Ms. Barkow. I, of course, would make no pretense to speak
on behalf of Justice Scalia, but I do think that the opinions
in Blakely and Apprendi are comprised of an interesting
coalition of Justices: Justice Scalia, Justice Stevens, Justice
Souter, Justice Ginsburg and Justice Thomas. So you have five
obviously very intelligent people who have looked at the
history and the background of sentencing and at the role of the
jury, and have found that these facts that require a sentence
to be increased have to go to a jury.
Now, I think it is important to note that the opinion does
make clear that Justice Scalia and the Justices who joined the
opinion are saying that there is no set way that Congress needs
to respond to it and that you are free to make all of these
same determinations in the future.
All the opinion is really about is who finds those facts.

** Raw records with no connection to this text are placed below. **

Lemma in_SP (r : ranking U) :
  inS r <-> injective r /\
    forall k (i : 'I_#|U|), (#|[set w | (grp w == k) && (r w <= i)%N]| <= ub i.+1 k)%N.
Proof.
have prefixE k (i : 'I_#|U|) : [set w | (grp w == k) && (rank r w <= i.+1)%N]
    = [set w | (grp w == k) && (r w <= i)%N].
  by apply/setP => w; rewrite !inE /rank ltnS.
rewrite /in_S /is_ranking; split.
  case/andP => /injectiveP ir /forallP H; split => // k i.
  by move/forallP: (H k) => /(_ i); rewrite prefixE.
case=> ir H; apply/andP; split; first exact/injectiveP.
by apply/forallP => k; apply/forallP => i; rewrite prefixE.
Qed.

Lemma in_S_inj (r : ranking U) : inS r -> injective r.
Proof. by case/in_SP. Qed.

Lemma grp_tperm (a b w : U) : grp a = grp b -> grp (tperm a b w) = grp w.
Proof. by move=> e; case: tpermP => // ->. Qed.

(* Exchanging two members of the same group keeps every prefix count. *)
Lemma swap_same (r : ranking U) a b : grp a = grp b -> inS r -> inS (swapr r a b).
Proof.
move=> e /in_SP [ir H]; apply/in_SP; split; first exact: swapr_inj.
move=> k i; apply: leq_trans (H k i).
rewrite -(card_preimset _ (@perm_inj _ (tperm a b))); apply/eq_leq/eq_card => w.
by rewrite !inE swaprE grp_tperm // tpermK.
Qed.

Lemma pos_exists (r : ranking U) (i : 'I_#|U|) : injective r -> exists u, r u = i.
Proof.
move=> ir; have := inj_card_onto ir; rewrite card_ord => /(_ (leqnn _) i).
by case/codomP => u ->; exists u.
Qed.

Lemma group_min (r : ranking U) p b : (p <= r b)%N ->
  exists y, [/\ grp y = grp b, (p <= r y)%N &
                forall w, grp w = grp b -> (p <= r w)%N -> (r y <= r w)%N].
Proof.
move=> pb; have Pb : (grp b == grp b) && (p <= r b)%N by rewrite eqxx.
case: (@arg_minnP _ b (fun w => (grp w == grp b) && (p <= r w)%N)
         (fun w => nat_of_ord (r w)) Pb) => y /andP [/eqP gy py] ymin.
by exists y; split => // w gw pw; apply: ymin; rewrite gw eqxx pw.
Qed.

Definition agree (p : nat) (r r' : ranking U) :=
  forall w, ((r w < p)%N || (r' w < p)%N) -> r w = r' w.

Lemma agree_sym p (r r' : ranking U) : agree p r r' -> agree p r' r.
Proof. by move=> H w hw; rewrite H // orbC. Qed.

Lemma agree_ge p (r r' : ranking U) w : agree p r r' -> (p <= r w)%N -> (p <= r' w)%N.
Proof.
move=> H hw; rewrite leqNgt; apply/negP => hlt.
by move: hw; rewrite H ?hlt ?orbT // leqNgt hlt.
Qed.

Lemma agree_swap p (r r' : ranking U) u v :
  agree p r r' -> (p <= r u)%N -> (p <= r v)%N -> agree p (swapr r u v) r'.
Proof.
move=> H hu hv w; rewrite swaprE.
case: tpermP => [->|->|/eqP wu /eqP wv]; last exact: H.
- by rewrite ltnNge hv /= ltnNge (agree_ge H hu).
- by rewrite ltnNge hu /= ltnNge (agree_ge H hv).
Qed.

Lemma agree_succ p (r r' : ranking U) c : injective r -> injective r' -> agree p r r' ->
  r c = p :> nat -> r' c = p :> nat -> agree p.+1 r r'.
Proof.
move=> ir ir' ag rc rc' w.
have at_c (s : ranking U) : injective s -> s c = p :> nat -> s w = p :> nat -> w = c.
  by move=> injs sc sw; apply: injs; apply: val_inj; rewrite /= sc sw.
case: (boolP ((r w < p)%N || (r' w < p)%N)) => [h _|]; first exact: ag.
rewrite negb_or -!leqNgt !ltnS => /andP [h1 h2] /orP [] hw.
- have -> : w = c by apply: (at_c r) => //; apply/eqP; rewrite eqn_leq hw h1.
  by apply: val_inj; rewrite /= rc rc'.
- have -> : w = c by apply: (at_c r') => //; apply/eqP; rewrite eqn_leq hw h2.
  by apply: val_inj; rewrite /= rc rc'.
Qed.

In our system, who decides what a defendant really did? Who
makes that decision? Blakely says that is what our jury is for.
And it is not the neatest and most efficient way of deciding
things, but it is a uniquely American tradition that I think we
should be very proud of, and I think that opinion is a great
testament to how we try to preserve it.
Senator Sessions. We have never understood it that way. We
have never understood that juries have to sentence. Sometimes
they have and sometimes they haven't. Most criminal justice
reformers, as I recall, over the years have favored judge-
sentencing rather than jury-sentencing, thinking juries are far
more aberrational and are likely to not have the necessary
experience or knowledge of how the prison system works. And so
we have been encouraged to move away from jury-sentencing.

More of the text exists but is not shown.